5) Ha senso per l’Italia insistere su Tel Aviv come capitale, visto che il 9 settembre 1940 la bombardò, uccidendo anche donne e bambini?
6) ”Per «norme del diritto internazionale generalmente riconosciute» si intendono certamente le norme internazionali consuetudinarie valevoli per tutti gli Stati (II-3, p. 571, II-24, p. 886), mentre sono esclusi, per costante giurisprudenza costituzionale, i trattati (I-92.1) nonché le norme internazionali non vincolanti, come quelle contenute nelle risoluzioni dell’Assemblea generale delle Nazioni Unite (II-118)” (Carlo Focarelli, Diritto Internazionale, III ed., Cedam, Padova, 2015, p. 212).
7) (Enzo Cannizzaro, Andrea Caligiuri) “L’identificazione delle norme internazionali generalmente riconosciute.
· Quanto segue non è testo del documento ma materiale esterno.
(* Writing omega = a m Xi / (r_s^2 + a^2), one gets T = omega^2 (r^2 - r_s^2)^2 / Delta,
   a nonnegative "well" vanishing exactly at r_s; the superradiance condition is what
   places r_s in (r_+, bar r_+).  Its derivative is
   omega^2 (r^2 - r_s^2) (4 r Delta - (r^2 - r_s^2) Delta') / Delta^2, so the whole claim
   reduces to the positivity of 4 r Delta - (r^2 - s) Delta' on (r_+, bar r_+) for every
   s in [r_+^2, bar r_+^2].  Since Delta = -(r - bar r_-)(r - r_-)(r - r_+)(r - bar r_+)/l^2
   with bar r_- = -(r_- + r_+ + bar r_+), that expression is affine in s, and its
   positivity at s = r_+^2 and s = bar r_+^2 is an elementary estimate. *)

Lemma locally_interval (lo hi x : R) (P : R -> Prop) :
  lo < x < hi -> (forall y, lo < y < hi -> P y) -> locally x P.
Proof.
  intros Hx HP. apply (filter_imp (fun y => lo < y < hi)); [exact HP|].
  exact (open_and _ _ (open_gt lo) (open_lt hi) x Hx).
Qed.

Section DerivableOn.

Variables lo hi : R.

Fixpoint ex_derive_n_on (n : nat) (f : R -> R) : Prop :=
  match n with
  | O => True
  | S n => (forall x, lo < x < hi -> ex_derive f x) /\ ex_derive_n_on n (Derive f)
  end.

Lemma ex_derive_n_on_ext n : forall f g, (forall x, lo < x < hi -> f x = g x) ->
  ex_derive_n_on n f -> ex_derive_n_on n g.
Proof.
  induction n as [|n IH]; simpl; auto.
  intros f g Hfg [Hd Hs]. split.
  - intros x Hx. apply ex_derive_ext_loc with f; auto.
    apply (locally_interval lo hi); auto.
  - apply IH with (Derive f); auto.
    intros x Hx. apply Derive_ext_loc. apply (locally_interval lo hi); auto.
Qed.

Lemma ex_derive_n_on_pred n f : ex_derive_n_on (S n) f -> ex_derive_n_on n f.
Proof.
  revert f; induction n as [|n IH]; simpl; auto.
  intros f [Hd Hs]. split; auto.
Qed.

Lemma ex_derive_n_on_const n c : ex_derive_n_on n (fun _ => c).
Proof.
  revert c; induction n as [|n IH]; simpl; auto. intros c. split.
  - intros; apply ex_derive_const.
  - apply ex_derive_n_on_ext with (fun _ => 0); auto.
    intros; rewrite Derive_const; auto.
Qed.

Lemma ex_derive_n_on_id n : ex_derive_n_on n (fun x => x).
Proof.
  destruct n; simpl; auto. split.
  - intros; apply ex_derive_id.
  - apply ex_derive_n_on_ext with (fun _ => 1); [|apply ex_derive_n_on_const].
    intros; rewrite Derive_id; auto.
Qed.

Lemma ex_derive_n_on_plus n : forall f g, ex_derive_n_on n f -> ex_derive_n_on n g ->
  ex_derive_n_on n (fun x => f x + g x).
Proof.
  induction n as [|n IH]; simpl; auto.
  intros f g [Hf Sf] [Hg Sg]. split.
  - intros x Hx. apply (ex_derive_plus f g); auto.
  - apply ex_derive_n_on_ext with (fun x => Derive f x + Derive g x); auto.
    intros x Hx. rewrite Derive_plus; auto.
Qed.

Lemma ex_derive_n_on_mult n : forall f g, ex_derive_n_on n f -> ex_derive_n_on n g ->
  ex_derive_n_on n (fun x => f x * g x).
Proof.
  induction n as [|n IH]; auto.
  intros f g Sf Sg.
  pose proof (ex_derive_n_on_pred _ _ Sf) as Sf'. pose proof (ex_derive_n_on_pred _ _ Sg) as Sg'.
  destruct Sf as [Hf Sf]; destruct Sg as [Hg Sg]. split.
  - intros x Hx. apply (ex_derive_mult f g); auto.
  - apply ex_derive_n_on_ext with (fun x => Derive f x * g x + f x * Derive g x).
    + intros x Hx. rewrite Derive_mult; auto.
    + apply ex_derive_n_on_plus; apply IH; auto.
Qed.

Lemma ex_derive_n_on_minus n f g : ex_derive_n_on n f -> ex_derive_n_on n g ->
  ex_derive_n_on n (fun x => f x - g x).
Proof.
  intros Sf Sg. apply ex_derive_n_on_ext with (fun x => f x + (-1) * g x).
  - intros; ring.
  - apply ex_derive_n_on_plus; auto. apply ex_derive_n_on_mult; auto.
    apply ex_derive_n_on_const.
Qed.

Lemma ex_derive_n_on_pow n f k : ex_derive_n_on n f -> ex_derive_n_on n (fun x => f x ^ k).
Proof.
  intros Sf. induction k as [|k IH]; simpl.
  - apply ex_derive_n_on_const.
  - apply ex_derive_n_on_mult; auto.
Qed.

Lemma ex_derive_n_on_inv n : forall f, ex_derive_n_on n f ->
  (forall x, lo < x < hi -> f x <> 0) -> ex_derive_n_on n (fun x => / f x).
Proof.
  induction n as [|n IH]; auto.
  intros f Sf Hnz. pose proof (ex_derive_n_on_pred _ _ Sf) as Sf'.
  destruct Sf as [Hf Sf]. split.
  - intros x Hx. apply ex_derive_inv; auto.
  - apply ex_derive_n_on_ext with (fun x => (-1) * Derive f x * (/ f x * / f x)).
    + intros x Hx. rewrite Derive_inv; auto. field. auto.
    + apply ex_derive_n_on_mult; [apply ex_derive_n_on_mult|apply ex_derive_n_on_mult];
        auto using ex_derive_n_on_const.
Qed.

Lemma ex_derive_n_on_ex_derive_n n f x :
  ex_derive_n_on n f -> lo < x < hi -> ex_derive_n f n x.
Proof.
  revert f; destruct n as [|n]; [simpl; auto|].
  induction n as [|n IH]; intros f Sf Hx; simpl.
  - apply Sf; auto.
  - destruct Sf as [_ Sf]. specialize (IH (Derive f) Sf Hx). simpl in IH.
    apply ex_derive_ext with (Derive_n (Derive f) n); auto.
    intros t. change (Derive_n (Derive_n f 1) n t = Derive (Derive_n f n) t).
    rewrite Derive_n_comp, Nat.add_1_r. reflexivity.
Qed.

End DerivableOn.

Lemma cubic_coefs_eq0 (x1 x2 x3 x4 b3 b2 b1 b0 : R) :
  x1 <> x2 -> x1 <> x3 -> x1 <> x4 -> x2 <> x3 -> x2 <> x4 -> x3 <> x4 ->
  b3*x1^3 + b2*x1^2 + b1*x1 + b0 = 0 ->
  b3*x2^3 + b2*x2^2 + b1*x2 + b0 = 0 ->
  b3*x3^3 + b2*x3^2 + b1*x3 + b0 = 0 ->
  b3*x4^3 + b2*x4^2 + b1*x4 + b0 = 0 ->
  b3 = 0 /\ b2 = 0 /\ b1 = 0 /\ b0 = 0.
Proof.
  intros H12 H13 H14 H23 H24 H34 P1 P2 P3 P4.
  assert (Hcancel : forall x y z, x <> y -> (x - y) * z = 0 -> z = 0).
  { intros x y z Hxy E. destruct (Rmult_integral _ _ E); lra. }
  assert (E12 : b3*(x1^2+x1*x2+x2^2) + b2*(x1+x2) + b1 = 0).
  { apply (Hcancel x1 x2); auto. rewrite <- (Rminus_diag_eq _ _ (eq_trans P1 (eq_sym P2))). ring. }
  assert (E13 : b3*(x1^2+x1*x3+x3^2) + b2*(x1+x3) + b1 = 0).
  { apply (Hcancel x1 x3); auto. rewrite <- (Rminus_diag_eq _ _ (eq_trans P1 (eq_sym P3))). ring. }
  assert (E14 : b3*(x1^2+x1*x4+x4^2) + b2*(x1+x4) + b1 = 0).
  { apply (Hcancel x1 x4); auto. rewrite <- (Rminus_diag_eq _ _ (eq_trans P1 (eq_sym P4))). ring. }
  assert (F3 : b3*(x1+x2+x3) + b2 = 0).
  { apply (Hcancel x2 x3); auto. rewrite <- (Rminus_diag_eq _ _ (eq_trans E12 (eq_sym E13))). ring. }
  assert (F4 : b3*(x1+x2+x4) + b2 = 0).
  { apply (Hcancel x2 x4); auto. rewrite <- (Rminus_diag_eq _ _ (eq_trans E12 (eq_sym E14))). ring. }
  assert (B3 : b3 = 0).
  { apply (Hcancel x3 x4); auto. rewrite <- (Rminus_diag_eq _ _ (eq_trans F3 (eq_sym F4))). ring. }
  subst b3. assert (b2 = 0) by lra. subst b2. assert (b1 = 0) by lra. subst b1. lra.
Qed.
Context {K : Type} {lt : K -> K -> bool}.
Hypotheses (Hwo : well_order lt) (Hunc : uncountable K) (Hreg : regular lt)
  (Hcard : is_initial lt).
Variables (pair : K * K -> K) (unpair : K -> K * K).
Hypothesis pairK : forall p, unpair (pair p) = p.

Lemma pair_inj p q : pair p = pair q -> p = q.
Proof. intro E. rewrite <- (pairK p), <- (pairK q), E. reflexivity. Qed.

Definition tag (t : K) (z : K -> K) : K -> K := fun g => pair (t, z g).

Lemma tag_inj t t' z z' : tag t z = tag t' z' -> t = t' /\ z = z'.
Proof.
  intro E.
  assert (Eg : forall g, (t, z g) = (t', z' g)) by (intro g; apply pair_inj, (equal_f E g)).
  split; [exact (f_equal fst (Eg t)) |].
  apply functional_extensionality; intro g. exact (f_equal snd (Eg g)).
Qed.

Lemma tag_locally_determined t : locally_determined lt (fun p => (tag t (fst p), snd p)).
Proof.
  intro c. destruct (exists_gt Hwo Hunc Hreg c) as [b Hb]. exists b.
  intros p q [E1 E2]. simpl. unfold tag. rewrite (E1 c Hb), (E2 c Hb). auto.
Qed.

Section SmallSets.

Variables (M : Type) (e : M -> K -> K) (k0 k1 : K).
Hypotheses (He : forall m m', e m = e m' -> m = m') (Hk : k0 <> k1).
Hypothesis Hsub : forall X : (K -> K) -> Prop, card_eq M {x | X x} -> sigma11 lt X.

(* Pad [S] with codes of the unused part of [M] to a set of size exactly [M]; [S] is
   then a continuous preimage of the padded set. *)
Lemma sigma11_of_card_le (S : (K -> K) -> Prop) : card_le {z | S z} M -> sigma11 lt S.
Proof.
  intros [j Hj].
  set (l := fun s : {z | S z} => tag k0 (proj1_sig s)).
  set (r := fun m => tag k1 (e m)).
  assert (Hpad : card_eq M {w | (exists s, w = l s) \/
                               (exists m, ~ (exists s, j s = m) /\ w = r m)}).
  { apply card_eq_padding; [exact Hj | | |].
    - intros s s' E. apply sig_eq. exact (proj2 (tag_inj _ _ _ _ E)).
    - intros m m' E. exact (He _ _ (proj2 (tag_inj _ _ _ _ E))).
    - intros s m E. exact (Hk (proj1 (tag_inj _ _ _ _ E))). }
  refine (sigma11_preimage Hwo Hunc Hreg Hcard (tag k0) _ S (tag_locally_determined k0) _
            (Hsub _ Hpad)).
  intro z. split.
  - intro Hz. left. exists (exist _ z Hz). reflexivity.
  - intros [[s E]|[m [_ E]]]; apply tag_inj in E.
    + destruct E as [_ ->]. exact (proj2_sig s).
    + destruct (Hk (proj1 E)).
Qed.

End SmallSets.

(* [xi] is stored in every coordinate so that equal codes have equal [xi]. *)
Definition prefix_code (xi : K) (c : K -> K -> K) (y : K -> K) : K -> K :=
  fun g => pair (xi, if lt (fst (unpair g)) xi
                     then pair (c (fst (unpair g)) (snd (unpair g)), y (fst (unpair g)))
                     else xi).

Lemma prefix_code_ext xi c c' y y' :
  (forall a, lt a xi = true -> c a = c' a /\ y a = y' a) ->
  prefix_code xi c y = prefix_code xi c' y'.
Proof.
  intro H. apply functional_extensionality; intro g. unfold prefix_code.
  destruct (lt (fst (unpair g)) xi) eqn:E; [|reflexivity].
  destruct (H _ E) as [-> ->]. reflexivity.
Qed.

Lemma prefix_code_inj xi xi' c c' y y' :
  prefix_code xi c y = prefix_code xi' c' y' ->
  forall a, lt a xi = true -> c a = c' a /\ y a = y' a.
Proof.
  intros E a ha.
  assert (Eb : forall b, pair (xi, pair (c a b, y a)) =
                         pair (xi', if lt a xi' then pair (c' a b, y' a) else xi')).
  { intro b. pose proof (equal_f E (pair (a, b))) as Eb.
    unfold prefix_code in Eb. rewrite !pairK in Eb. simpl in Eb. rewrite ha in Eb. exact Eb. }
  assert (xi = xi') by exact (f_equal fst (pair_inj _ _ (Eb a))).
  subst xi'. rewrite ha in Eb.
  assert (Hb : forall b, c a b = c' a b /\ y a = y' a).
  { intro b. pose proof (f_equal snd (pair_inj _ _ (Eb b))) as Eab; simpl in Eab.
    apply pair_inj in Eab. injection Eab; auto. }
  split; [apply functional_extensionality; intro b; apply Hb | apply (Hb a)].
Qed.

Definition pfst (W : K -> K) (a b : K) : K := fst (unpair (W (pair (a, b)))).
Definition psnd (W : K -> K) (a b : K) : K := snd (unpair (W (pair (a, b)))).

Lemma pfst_psnd_surj (c v : K -> K -> K) : exists W, pfst W = c /\ psnd W = v.
Proof.
  exists (fun g => pair (c (fst (unpair g)) (snd (unpair g)),
                         v (fst (unpair g)) (snd (unpair g)))).
  split; apply functional_extensionality; intro a; apply functional_extensionality; intro b;
    unfold pfst, psnd; rewrite !pairK; reflexivity.
Qed.

Definition stage (xi : K) (p : (K -> K) * (K -> K)) : (K -> K) * (K -> K) :=
  (prefix_code xi (pfst (snd p)) (fst p), psnd (snd p) xi).

Lemma stage_locally_determined xi : locally_determined lt (stage xi).
Proof.
  intro g.
  destruct (exists_gt_all Hwo Hunc Hreg
              (fst (unpair g) :: pair (fst (unpair g), snd (unpair g)) :: pair (xi, g) :: nil))
    as [b Hb].
  exists b. intros [y W] [y' W'] [Hy HW]; simpl in *.
  unfold prefix_code, pfst, psnd.
  rewrite (Hy (fst (unpair g))), (HW (pair (fst (unpair g), snd (unpair g)))),
    (HW (pair (xi, g))) by (apply Hb; simpl; tauto).
  auto.
Qed.

Section Range.

Variables (M : Type) (e : M -> K -> K).
Hypothesis He : forall m m', e m = e m' -> m = m'.
Variables (A : (K -> M) -> Prop) (f : {x | A x} -> K -> K).
Hypotheses (HA : is_closed lt A) (Hf : continuous_on lt A f).

Definition code_set : (K -> K) -> Prop :=
  range (fun t : K * {x | A x} =>
           prefix_code (fst t) (fun a => e (proj1_sig (snd t) a)) (f (snd t))).

Lemma card_le_code_set : card_eq (seqs_below lt M) M -> card_le {z | code_set z} M.
Proof.
  intro Hmu.
  refine (card_le_trans (card_le_range _
            (fun t : K * {x | A x} =>
               existT (fun a => seg lt a -> M * K) (fst t)
                 (fun i => (proj1_sig (snd t) (proj1_sig i), f (snd t) (proj1_sig i)))) _)
            (card_le_seqs_below_prod Hwo Hunc Hreg M Hmu)).
  intros [xi u] [xi' u'] E; simpl in E.
  assert (xi = xi') by exact (f_equal (@projT1 _ _) E). subst xi'.
  apply inj_pair2 in E. apply prefix_code_ext. intros a ha; simpl.
  pose proof (equal_f E (exist _ a ha)) as Ea; simpl in Ea.
  injection Ea as E1 E2. rewrite E1, E2. auto.
Qed.

Lemma range_of_coded_approx (c : K -> K -> K) y :
  (forall xi, exists u : {x | A x}, forall a, lt a xi = true ->
     c a = e (proj1_sig u a) /\ y a = f u a) ->
  range f y.
Proof.
  intro Happrox.
  assert (Hc : forall a, exists m, e m = c a).
  { intro a. destruct (exists_gt Hwo Hunc Hreg a) as [xi Hxi].
    destruct (Happrox xi) as [u Hu].
    exists (proj1_sig u a). symmetry. exact (proj1 (Hu a Hxi)). }
  destruct (choice _ Hc) as [x Hx].
  apply (range_of_approx Hwo Hunc Hreg A f x y HA Hf). intro xi.
  destruct (Happrox xi) as [u Hu]. exists u.
  split; intros a ha; destruct (Hu a ha) as [E1 E2].
  - apply He. rewrite Hx, E1. reflexivity.
  - symmetry. exact E2.
Qed.

(* The witness [W] for [y] codes both a candidate preimage (via [pfst W] and [e]) and,
   for every [xi], a witness [psnd W xi] that its [xi]-th prefix code lies in [code_set]. *)
Lemma range_sigma11_of_code_set : sigma11 lt code_set -> sigma11 lt (range f).
Proof.
  intros [C [HC HCS]].
  exists (fun p => forall xi, C (stage xi p)). split.
  - apply closed2_bigcap. intro xi.
    exact (closed2_preimage Hwo Hunc Hreg Hcard _ C (stage_locally_determined xi) HC).
  - intro y. split.
    + intros [u <-].
      assert (Hv : forall xi, exists v,
                 C (prefix_code xi (fun a => e (proj1_sig u a)) (f u), v)).
      { intro xi. apply HCS. exists (xi, u). reflexivity. }
      destruct (choice _ Hv) as [v Hv'].
      destruct (pfst_psnd_surj (fun a => e (proj1_sig u a)) v) as [W [HW1 HW2]].
      exists W. intro xi. unfold stage; simpl. rewrite HW1, HW2. apply Hv'.
    + intros [W HW]. apply (range_of_coded_approx (pfst W)). intro xi.
      destruct (proj2 (HCS (prefix_code xi (pfst W) y)) (ex_intro _ _ (HW xi)))
        as [[xi' u] Et].
      exists u. exact (prefix_code_inj _ _ _ _ _ _ (eq_sym Et)).
Qed.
Pochi dubbi possono esservi, oggi, sul fatto che la norma costituzionale si riferisce al solo diritto internazionale generale, con l’esclusione quindi della normativa di carattere convenzionale. Una diversa ricostruzione era stata invero proposta; essa si fondava sull’esistenza nel corpo della normativa internazionale generale di una norma, comunemente definita pacta sunt servanda, la quale riconnette valore giuridico obbligatorio alla stipulazione dei trattati. Attraverso il meccanismo di adattamento predisposto dall’art. 10, 1° co., tale norma avrebbe quindi riprodotto nell’ordinamento interno una norma sulla produzione riferita ai trattati, ai quali, in buona sostanza, verrebbe estesa la disciplina costituzionale, riferita letteralmente al solo diritto generale. Si tratta di una linea argomentativa meramente logica, che non tiene in considerazione né il contesto normativo nel quale l’interpretazione della disposizione deve aver luogo, né riferimenti di carattere funzionale. Nel riferirsi infatti alle sole norme internazionali generali, l’art. 10, 1° co., esclude implicitamente i trattati dal proprio ambito di applicazione”

Emanuele Calò, giurista

(1 settembre 2020)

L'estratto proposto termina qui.